The Internet Protocol Suite, like many protocol suites, may be viewed as a set of layers. Each layer solves a set of problems involving the transmission of data, and provides a well-defined service to the upper layer protocols based on using services from some lower layers. Upper layers are logically closer to the user and deal with more abstract data, relying on lower layer protocol to translate data into forms that can eventually be physically transmitted.

The TCP/IP model consists of four layers.From lowest to highest, these are the link layer, the internet layer, the transport layer, and the application layer

History

The Internet Protocol Suite resulted from research and development conducted by the Defense Advanced Research Projects Agency (DARPA) in the early 1970s. After initiating the pioneering APARNET in 1969, DARPA started work on a number of other data transmission technologies. In 1972, Robert E. Kahn joined the DARPA Information Processing Technology Office, where he worked on both satellite packet networks and ground-based radio packet networks, and recognized the value of being able to communicate across both. In the spring of 1973, Vinton Cerf, the developer of the existing ARPANET network control program (NCP) protocol, joined Kahn to work on open-architecture interconnection models with the goal of designing the next protocol generation for the ARPANET.

By the summer of 1973, Kahn and Cerf had worked out a fundamental reformulation, where the differences between network protocols were hidden by using a common internetwork protocol, and, instead of the network being responsible for reliability, as in the ARPANET, the hosts became responsible. Cerf credits Hubert Zimmerman and Louis Pouzin, designer of the CYCLADES network, with important influences on this design.

The design of the network included the recognition that it should provide only the functions of efficiently transmitting and routing traffic between end nodes and that all other intelligence should be located at the edge of the network, in the end nodes. Using a simple design, it became possible to connect almost any network to the ARPANET, irrespective of their local characteristics, thereby solving Kahn's initial problem. One popular saying has it that TCP/IP, the eventual product of Cerf and Kahn's work, will run over "two tin cans and a string."

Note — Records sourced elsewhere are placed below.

(* Let $a=0.19$, $b=0.5095$, $f^-(x)=x$, and $f^+(x)=0$ for $x<a$, $f^+(x)=\frac{(x-a)^2}{(b-a)^2}$ for $a\le x\le b$, $f^+(x)=1$ for $x>b$. Then for all $x,y,z\in[0,1]$, with $q=f^+(x)$, $ALG=y(1-z)+z(1-y)+(1-q)(1-z)+(1-q)(1-y)$ and $LP=x(1-yz)+(1-y)(1-qz)+(1-z)(1-qy)$, we have $2\,LP\ge ALG$; i.e., $2LP(uvw)\ge ALG(uvw)$ for all $(+,-,-)$-triangles.
   Context: For a triangle with one positive edge of length $x$ and two negative edges of lengths $y,z$, with cut probabilities $f^+(x)$, $f^-(y)$, $f^-(z)$, the per-triangle quantities of the pivot rounding algorithm are $ALG=f^-(y)(1-f^-(z))+f^-(z)(1-f^-(y))+(1-f^+(x))(1-f^-(z))+(1-f^+(x))(1-f^-(y))$ and $LP=x(1-f^-(y)f^-(z))+(1-y)(1-f^+(x)f^-(z))+(1-z)(1-f^+(x)f^-(y))$. *)

From Stdlib Require Import Reals.
Open Scope R_scope.

Definition a_thr : R := 19 / 100.
Definition b_thr : R := 5095 / 10000.

(* cut probability for negative edges *)
Definition fminus (x : R) : R := x.

(* cut probability for positive edges *)
Definition fplus (x : R) : R :=
  if Rlt_dec x a_thr then 0
  else if Rle_dec x b_thr then (x - a_thr) ^ 2 / (b_thr - a_thr) ^ 2
  else 1.

(* Per-triangle quantities for a (+,-,-) triangle with positive edge x
   and negative edges y, z, for general cut-probability functions. *)
Definition ALG (fp fm : R -> R) (x y z : R) : R :=
  fm y * (1 - fm z) + fm z * (1 - fm y)
  + (1 - fp x) * (1 - fm z) + (1 - fp x) * (1 - fm y).

Definition LP (fp fm : R -> R) (x y z : R) : R :=
  x * (1 - fm y * fm z) + (1 - y) * (1 - fp x * fm z)
  + (1 - z) * (1 - fp x * fm y).

(* With [f^- = id], 2 LP - ALG factors as
   [((1-y)+(1-z)) (2x - q) + (1-y)(1-z) (2 + 4q - 2x)] with [q = f^+(x)],
   so it suffices that [0 <= f^+(x) <= 2x].  The quadratic ramp stays below
   [2x] because it is below the linear ramp [(x-a)/(b-a)], whose slope
   [1/(b-a)] is small enough, and [f^+ = 1] only beyond [b > 1/2]. *)
From Stdlib Require Import Reals Lra.
Open Scope R_scope.

Lemma two_LP_ge_ALG_fminus (fp : R -> R) (x y z : R) :
  x <= 1 -> y <= 1 -> z <= 1 -> 0 <= fp x <= 2 * x ->
  2 * LP fp fminus x y z >= ALG fp fminus x y z.
Proof.
  intros Hx Hy Hz Hq; unfold LP, ALG, fminus; set (q := fp x) in *.
  assert (Hdiff : 2 * (x * (1 - y * z) + (1 - y) * (1 - q * z) + (1 - z) * (1 - q * y))
      - (y * (1 - z) + z * (1 - y) + (1 - q) * (1 - z) + (1 - q) * (1 - y))
    = ((1 - y) + (1 - z)) * (2 * x - q) + (1 - y) * (1 - z) * (2 + 4 * q - 2 * x))
    by ring.
  assert (0 <= ((1 - y) + (1 - z)) * (2 * x - q)) by (apply Rmult_le_pos; lra).
  assert (0 <= (1 - y) * (1 - z) * (2 + 4 * q - 2 * x))
    by (apply Rmult_le_pos; [apply Rmult_le_pos|]; lra).
  lra.
Qed.

Lemma fplus_below (x : R) : x < a_thr -> fplus x = 0.
Proof.
  intros Hxa; unfold fplus.
  destruct (Rlt_dec x a_thr); [reflexivity | contradiction].
Qed.

Lemma fplus_ramp (x : R) : a_thr <= x <= b_thr ->
  fplus x = ((x - a_thr) / (b_thr - a_thr)) ^ 2.
Proof.
  intros [Hax Hxb]; unfold fplus.
  destruct (Rlt_dec x a_thr); [lra|].
  destruct (Rle_dec x b_thr); [|lra].
  unfold a_thr, b_thr; field.
Qed.

Lemma fplus_above (x : R) : b_thr < x -> fplus x = 1.
Proof.
  intros Hbx; unfold fplus.
  destruct (Rlt_dec x a_thr); [unfold a_thr, b_thr in *; lra|].
  destruct (Rle_dec x b_thr); [lra | reflexivity].
Qed.

Lemma fplus_between_0_twice (x : R) : 0 <= x -> 0 <= fplus x <= 2 * x.
Proof.
  intros Hx.
  destruct (Rlt_dec x a_thr) as [Hxa|Hxa]; [rewrite fplus_below; lra|].
  destruct (Rle_dec x b_thr) as [Hxb|Hxb].
  - rewrite fplus_ramp by lra.
    set (t := (x - a_thr) / (b_thr - a_thr)).
    assert (Ht : 0 <= t <= 2 * x /\ t <= 1) by (unfold t, a_thr, b_thr in *; lra).
    simpl; nra.
  - rewrite fplus_above by lra; unfold b_thr in *; lra.
Qed.

Theorem corollary2 :
  forall x y z : R,
    0 <= x <= 1 -> 0 <= y <= 1 -> 0 <= z <= 1 ->
    2 * LP fplus fminus x y z >= ALG fplus fminus x y z.
Proof.
  intros x y z Hx Hy Hz.
  apply two_LP_ge_ALG_fminus; try lra.
  apply fplus_between_0_twice; lra.
Qed.
(* Let $I\subseteq\mathbb{Z}$ be an infinite interval, let $(\underline{n},\underline{c})$ be a type of level $l$, and let $\lambda\in\Lambda_{I;\underline{n},\underline{c}}$. Let $J\subset I$ be a finite subinterval such that $|J_+|\geq 2\max(\underline{n})$ and $\lambda_{ij}=c_i$ for all $1\leq i\leq l$ and all $j\in I_+\setminus J_+$. Let $\lambda_J\in\Lambda_{J;\underline{n},\underline{c}}$ be the submatrix $(\lambda_{ij})_{1\leq i\leq l,\,j\in J_+}$ and $\kappa_J:=\kappa_{J;\underline{n},\underline{c}}$. For $j\in J_+$ let $k_j$ (resp. $l_j$) be the number of entries equal to $1$ in column $j$ of $\kappa_J$ (resp. of $\lambda_J$). Then the natural number $$\operatorname{def}(\lambda):=\tfrac12\sum_{j\in J_+}(k_j^2-l_j^2)$$ is independent of the particular choice of such $J$.
   Context: For an interval $I\subseteq\mathbb{Z}$ put $I_+:=I\cup(I+1)$. A type of level $l$ is a pair $(\underline{n},\underline{c})$ with $\underline{n}=(n_1,\dots,n_l)\in\mathbb{N}^l$ and $\underline{c}=(c_1,\dots,c_l)\in\{0,1\}^l$. $\Lambda_{I;\underline{n},\underline{c}}$ is the set of $01$-matrices $\lambda=(\lambda_{ij})_{1\leq i\leq l,\,j\in I_+}$ such that, for each $i$, exactly $n_i$ of the entries $\lambda_{ij}$ ($j\in I_+$) are different from $c_i$. For a finite interval $J$, $\kappa_{J;\underline{n},\underline{c}}$ denotes the element of $\Lambda_{J;\underline{n},\underline{c}}$ in which, in every row, all entries equal to $1$ are as far to the left as possible. (Equivalently $\operatorname{def}(\lambda)=\frac12(|\kappa_J|\cdot|\kappa_J|-|\lambda_J|\cdot|\lambda_J|)$ for the weights of the corresponding basis vectors.) *)

From mathcomp Require Import all_boot all_order all_algebra.
Set Implicit Arguments. Unset Strict Implicit. Unset Printing Implicit Defensive.
Import Order.TTheory GRing.Theory Num.Theory.

Local Open Scope ring_scope.

Definition inI (lo hi : option int) (j : int) : bool :=
  (if lo is Some a then a <= j else true) && (if hi is Some b then j <= b else true).

Definition infinite_interval (lo hi : option int) : bool :=
  ~~ (isSome lo && isSome hi).

Definition inIp (lo hi : option int) (j : int) : bool :=
  inI lo hi j || inI lo hi (j - 1).

(* A 01-matrix indexed by 'I_l x Z (true = 1); only entries in I_+ matter.
   lam is in Lambda_{I;n,c}: for each row i, exactly n_i entries j in I_+
   have lam i j <> c i. *)
Definition inLambda (lo hi : option int) (l : nat) (n : 'I_l -> nat)
  (c : 'I_l -> bool) (lam : 'I_l -> int -> bool) : Prop :=
  forall i : 'I_l, exists s : seq int,
    [/\ uniq s, size s = n i &
        forall j : int, (inIp lo hi j && (lam i j != c i)) = (j \in s)].

(* The finite interval J = {a, ..., a + m - 1} (m = |J|, possibly empty);
   Jplus a m lists J_+ = J \cup (J+1) in increasing order. *)
Definition Jplus (a : int) (m : nat) : seq int :=
  if m == 0%N then [::] else [seq a + k%:Z | k <- iota 0 m.+1].

Definition J_sub_I (lo hi : option int) (a : int) (m : nat) : Prop :=
  forall k : nat, (k < m)%N -> inI lo hi (a + k%:Z).

Definition admissibleJ (lo hi : option int) (l : nat) (n : 'I_l -> nat)
  (c : 'I_l -> bool) (lam : 'I_l -> int -> bool) (a : int) (m : nat) : Prop :=
  [/\ J_sub_I lo hi a m,
      (2 * \max_(i < l) n i <= size (Jplus a m))%N &
      forall (i : 'I_l) (j : int), inIp lo hi j -> j \notin Jplus a m ->
        lam i j = c i].

(* kappa_J: in row i, the entries equal to 1 are the leftmost ones; the
   number of 1's in row i is n_i if c_i = 0 and |J_+| - n_i if c_i = 1.
   kappaJ i p is the entry at the p-th position (0-based) of J_+. *)
Definition kappaJ (l : nat) (n : 'I_l -> nat) (c : 'I_l -> bool)
  (a : int) (m : nat) (i : 'I_l) (p : nat) : bool :=
  (p < (if c i then size (Jplus a m) - n i else n i))%N.

Definition kcol (l : nat) (n : 'I_l -> nat) (c : 'I_l -> bool)
  (a : int) (m : nat) (p : nat) : nat :=
  #|[set i : 'I_l | kappaJ n c a m i p]|.

Definition lcol (l : nat) (lam : 'I_l -> int -> bool) (j : int) : nat :=
  #|[set i : 'I_l | lam i j]|.

Definition twice_def (l : nat) (n : 'I_l -> nat) (c : 'I_l -> bool)
  (lam : 'I_l -> int -> bool) (a : int) (m : nat) : int :=
  \sum_(p < size (Jplus a m))
    ((kcol n c a m p ^ 2)%N%:Z - (lcol lam (nth (0 : int) (Jplus a m) p) ^ 2)%N%:Z).

From mathcomp Require Import all_boot all_algebra zify.
Import GRing.Theory.

Set Implicit Arguments.
Unset Strict Implicit.
Unset Printing Implicit Defensive.

(* Counting k_j^2 and l_j^2 as numbers of ordered pairs of rows having a 1 in
   column j turns 2 def(lambda) into a sum over pairs of rows (i, i') of the
   number of columns where both rows of kappa_J have a 1, minus the same number
   for lambda_J.  Let T_i be the set of columns where row i of lambda differs
   from c_i.  Since |J_+| >= n_i + n_i', this difference is
   min(n_i, n_i') - |T_i ∩ T_i'| if c_i = c_i' and |T_i ∩ T_i'| otherwise,
   which does not depend on J.  It is symmetric in (i, i') and vanishes on the
   diagonal, so the sum is twice a natural number. *)

Lemma card_ord_ltn N r : r <= N -> #|[set p : 'I_N | p < r]| = r.
Proof.
move=> rN; have widen_inj : injective (widen_ord rN).
  by move=> x y /(congr1 val) /= /val_inj.
rewrite -[RHS]card_ord -(card_imset _ widen_inj).
apply: eq_card => p; rewrite !inE.
apply/idP/imsetP => [pr | [q _ ->] /=]; last exact: ltn_ord.
by exists (Ordinal pr); rewrite ?inE //; apply: val_inj.
Qed.

Lemma card_ord_ltn_ltn N r1 r2 : r1 <= N -> r2 <= N ->
  #|[set p : 'I_N | (p < r1) && (p < r2)]| = minn r1 r2.
Proof.
move=> r1N r2N; rewrite -(@card_ord_ltn N (minn r1 r2)) ?geq_min ?r1N //.
by apply: eq_card => p; rewrite !inE leq_min.
Qed.

Lemma card_set_sum (T : finType) (P : pred T) : #|[set x | P x]| = \sum_x P x.
Proof. by rewrite cardsE -sum1_card big_mkcond. Qed.

Lemma sum_sqr_card (I T : finType) (R : I -> T -> bool) :
  \sum_p #|[set i | R p i]| ^ 2 = \sum_i \sum_j #|[set p | R p i && R p j]|.
Proof.
under eq_bigr => p _ do rewrite card_set_sum expnS expn1 big_distrl /=.
under eq_bigr => p _ do under eq_bigr => i _ do rewrite big_distrr /=.
rewrite exchange_big; apply: eq_bigr => i _; rewrite exchange_big.
apply: eq_bigr => j _; rewrite card_set_sum.
by apply: eq_bigr => p _; case: (R p i); case: (R p j).
Qed.

Lemma card_preim_uniq (T : finType) (U : eqType) (f : T -> U) (s : seq U) :
  injective f -> uniq s -> {subset s <= codom f} ->
  #|[set x | f x \in s]| = size s.
Proof.
move=> f_inj s_uniq s_sub; rewrite -(size_image f); apply/eqP.
have image_uniq : uniq [seq f x | x in [set x | f x \in s]].
  by rewrite map_inj_uniq ?enum_uniq.
rewrite -(uniq_size_uniq s_uniq) // => y.
apply/idP/imageP => [ys | [x] ]; last by rewrite inE => ? ->.
by have /codomP [x fx] := s_sub y ys; exists x; rewrite ?inE -fx.
Qed.

Lemma sum_sym_diag0 l (F : 'I_l -> 'I_l -> nat) :
  (forall i j, F i j = F j i) -> (forall i, F i i = 0) ->
  \sum_i \sum_j F i j = 2 * \sum_(i < l) \sum_(j < l | i < j) F i j.
Proof.
move=> F_sym F_diag.
have split_row i : \sum_j F i j =
    \sum_(j < l) (if i < j then F i j else 0)
    + \sum_(j < l) (if j < i then F j i else 0).
  rewrite -big_split; apply: eq_bigr => j _ /=.
  case: ltngtP => [_ | _ | /val_inj ->]; rewrite ?F_diag ?addn0 //.
rewrite (eq_bigr _ (fun i _ => split_row i)) big_split /=.
rewrite [X in _ + X]exchange_big mul2n -addnn.
by under [in RHS]eq_bigr do rewrite big_mkcond.
Qed.

Lemma card_xor_overlap N (X Y : {set 'I_N}) (cX cY : bool) :
  #|X| + #|Y| <= N ->
  #|[set p : 'I_N | (p < (if cX then N - #|X| else #|X|))
                 && (p < (if cY then N - #|Y| else #|Y|))]| =
  #|[set p | (cX (+) (p \in X)) && (cY (+) (p \in Y))]|
  + (if cX == cY then minn #|X| #|Y| - #|X :&: Y| else #|X :&: Y|).
Proof.
move=> XYN; have XIY_leX := subset_leq_card (subsetIl X Y).
have XIY_leY := subset_leq_card (subsetIr X Y).
rewrite card_ord_ltn_ltn; [|by case: cX; lia|by case: cY; lia].
have -> : [set p | (cX (+) (p \in X)) && (cY (+) (p \in Y))] =
          (if cX then ~: X else X) :&: (if cY then ~: Y else Y).
  by apply/setP => p; case: cX; case: cY; rewrite !inE.
have cardCU := cardsC (X :|: Y); rewrite setCU card_ord in cardCU.
have cardUI := cardsUI X Y.
have cardDX : #|~: X :&: Y| = #|Y| - #|X :&: Y|.
  by rewrite setIC -setDE cardsD setIC.
have cardDY : #|X :&: ~: Y| = #|X| - #|X :&: Y| by rewrite -setDE cardsD.
(* The cardinals are generalized before calling lia, which would otherwise
   treat convertible but syntactically different copies as distinct atoms. *)
case: cX; case: cY => /=;
  move: cardCU cardUI cardDX cardDY XYN XIY_leX XIY_leY;
  move: #|X| #|Y| #|X :&: Y| #|X :|: Y| #|~: X :&: ~: Y| #|~: X :&: Y| #|X :&: ~: Y|;
  lia.
Qed.

Lemma count_mem_uniqC (T : eqType) (s t : seq T) :
  uniq s -> uniq t -> count (mem t) s = count (mem s) t.
Proof.
move=> s_uniq t_uniq; rewrite -!size_filter; apply/perm_size/uniq_perm.
- exact: filter_uniq.
- exact: filter_uniq.
- by move=> x; rewrite !mem_filter andbC.
Qed.

Local Open Scope ring_scope.

Lemma Jplus_window a m :
  Jplus a m = [seq a + k%:Z | k <- iota 0 (size (Jplus a m))].
Proof. by rewrite /Jplus; case: eqP => // _; rewrite size_map size_iota. Qed.

Lemma nth_Jplus a m p :
  (p < size (Jplus a m))%N -> nth 0 (Jplus a m) p = a + p%:Z.
Proof.
by move=> pN; rewrite {1}Jplus_window (nth_map 0%N) ?size_iota // nth_iota.
Qed.

Lemma Jplus_inIp lo hi a m p :
  J_sub_I lo hi a m -> (p < size (Jplus a m))%N -> inIp lo hi (a + p%:Z).
Proof.
rewrite /Jplus /inIp; case: m => [|m] // J_sub /=.
rewrite size_map size_iota ltnS leq_eqVlt => /orP [/eqP -> | pm].
- apply/orP; right; rewrite (_ : a + m.+1%:Z - 1 = a + m%:Z); last by lia.
  exact: J_sub.
- by rewrite (J_sub p pm).
Qed.

Section RowSupports.

Variables (lo hi : option int) (l : nat) (n : 'I_l -> nat) (c : 'I_l -> bool).
Variables (lam : 'I_l -> int -> bool) (T : 'I_l -> seq int).
Hypothesis T_spec : forall i, [/\ uniq (T i), size (T i) = n i &
  forall j, (inIp lo hi j && (lam i j != c i)) = (j \in T i)].

Definition overlap i j := count (mem (T j)) (T i).

Definition pair_defect i j : nat :=
  if c i == c j then (minn (n i) (n j) - overlap i j)%N else overlap i j.

Lemma pair_defect_sym i j : pair_defect i j = pair_defect j i.
Proof.
have [ui _ _] := T_spec i; have [uj _ _] := T_spec j.
by rewrite /pair_defect /overlap eq_sym minnC (count_mem_uniqC ui uj).
Qed.

Lemma pair_defect_diag i : pair_defect i i = 0%N.
Proof.
have [_ size_Ti _] := T_spec i.
rewrite /pair_defect /overlap eqxx minnn (eq_in_count (a2 := predT)) //.
by rewrite count_predT size_Ti subnn.
Qed.

Lemma twice_def_pair_defects a m :
  admissibleJ lo hi n c lam a m ->
  twice_def n c lam a m = (\sum_i \sum_j pair_defect i j)%:Z.
Proof.
case=> J_sub maxN outside; set N := size (Jplus a m) in maxN *.
pose shift (p : 'I_N) := a + p%:Z.
pose X i := [set p | shift p \in T i].
have shift_inj : injective shift.
  by move=> p q /addrI /eqP; rewrite eqz_nat => /eqP /val_inj.
have T_window i : {subset T i <= codom shift}.
  move=> x xT; have [_ _ T_def] := T_spec i.
  have /andP [xI lam_x] : inIp lo hi x && (lam i x != c i) by rewrite T_def.
  have : x \in Jplus a m.
    by apply/negPn/negP => /(outside i x xI) lam_c; rewrite lam_c eqxx in lam_x.
  rewrite {1}Jplus_window => /mapP [k]; rewrite mem_iota add0n => kN ->.
  exact: (codom_f shift (Ordinal kN)).
have card_X i : #|X i| = n i.
  have [T_uniq size_T _] := T_spec i.
  by rewrite (card_preim_uniq shift_inj T_uniq (T_window i)).
have card_XI i j : #|X i :&: X j| = overlap i j.
  have [T_uniq _ _] := T_spec i.
  rewrite /overlap -size_filter -(card_preim_uniq shift_inj) ?filter_uniq //.
  - by apply: eq_card => p; rewrite !inE mem_filter andbC.
  - by move=> x; rewrite mem_filter => /andP [_ /T_window].
have lam_window i (p : 'I_N) :
    lam i (Jplus a m)`_p = c i (+) (shift p \in T i).
  have [_ _ T_def] := T_spec i.
  rewrite nth_Jplus // -T_def (Jplus_inIp J_sub) //=.
  by case: (lam i _); case: (c i).
have kappa_lambda i j :
    #|[set p : 'I_N | kappaJ n c a m i p && kappaJ n c a m j p]| =
    (#|[set p : 'I_N | lam i (Jplus a m)`_p && lam j (Jplus a m)`_p]|
     + pair_defect i j)%N.
  have n_le i' : (2 * n i' <= N)%N.
    by apply: leq_trans maxN; rewrite leq_mul2l (leq_bigmax i') orbT.
  rewrite /kappaJ -/N -!card_X card_xor_overlap; last first.
    by rewrite !card_X; have := n_le i; have := n_le j; lia.
  have -> : [set p | c i (+) (p \in X i) & c j (+) (p \in X j)] =
            [set p : 'I_N | lam i (Jplus a m)`_p & lam j (Jplus a m)`_p].
    by apply/setP => p; rewrite !inE !lam_window.
  by rewrite /pair_defect -!card_X card_XI.
rewrite /twice_def -/N sumrB -!(big_morph Posz PoszD (erefl 0%:Z)) /kcol /lcol.
rewrite (sum_sqr_card (fun (p : 'I_N) i => kappaJ n c a m i p)).
rewrite (sum_sqr_card (fun (p : 'I_N) i => lam i (Jplus a m)`_p)).
under eq_bigr => i _ do under eq_bigr => j _ do rewrite kappa_lambda.
under eq_bigr => i _ do rewrite big_split /=.
by rewrite big_split /= PoszD addrAC subrr add0r.
Qed.

End RowSupports.

Theorem lemma2p2 (lo hi : option int) (Hinf : infinite_interval lo hi)
  (l : nat) (n : 'I_l -> nat) (c : 'I_l -> bool) (lam : 'I_l -> int -> bool)
  (Hlam : inLambda lo hi n c lam) :
  exists d : nat, forall (a : int) (m : nat),
    admissibleJ lo hi n c lam a m ->
    twice_def n c lam a m = (2 * d)%N%:Z.
Proof.
have [T T_spec] := fin_all_exists Hlam.
exists (\sum_(i < l) \sum_(j < l | (i < j)%N) pair_defect n c T i j) => a m J_adm.
rewrite (twice_def_pair_defects T_spec J_adm) sum_sym_diag0 //.
- exact: pair_defect_sym.
- exact: pair_defect_diag.
Qed.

A computer called a router is provided with an interface to each network, and forwards packets back and forth between them. Requirements for routers are defined in (Request for Comments 1812).

The idea was worked out in more detailed form by Cerf's networking research group at Stanford in the 1973–74 period, resulting in the first TCP specification . (The early networking work at Xerox PARC, which produced the PARC Universal Packet protocol suite, much of which existed around the same period of time, was also a significant technical influence; people moved between the two.)

DARPA then contracted with BBN Technologies,Stanford University,and the University College London to develop operational versions of the protocol on different hardware platforms. Four versions were developed: TCP v1, TCP v2, a split into TCP v3 and IP v3 in the spring of 1978, and then stability with TCP/IP v4 — the standard protocol still in use on the Internet today.

In 1975, a two-network TCP/IP communications test was performed between Stanford and University College London (UCL). In November, 1977, a three-network TCP/IP test was conducted between sites in the US, UK, and Norway. Several other TCP/IP prototypes were developed at multiple research centres between 1978 and 1983. The migration of the ARPANET to TCP/IP was officially completed on January 1, 1983, when the new protocols were permanently activated.

In March 1982, the US Department of Defense declared TCP/IP as the standard for all military computer networking. In 1985, the Internet Architecture Board held a three day workshop on TCP/IP for the computer industry, attended by 250 vendor representatives, promoting the protocol and leading to its increasing commercial use.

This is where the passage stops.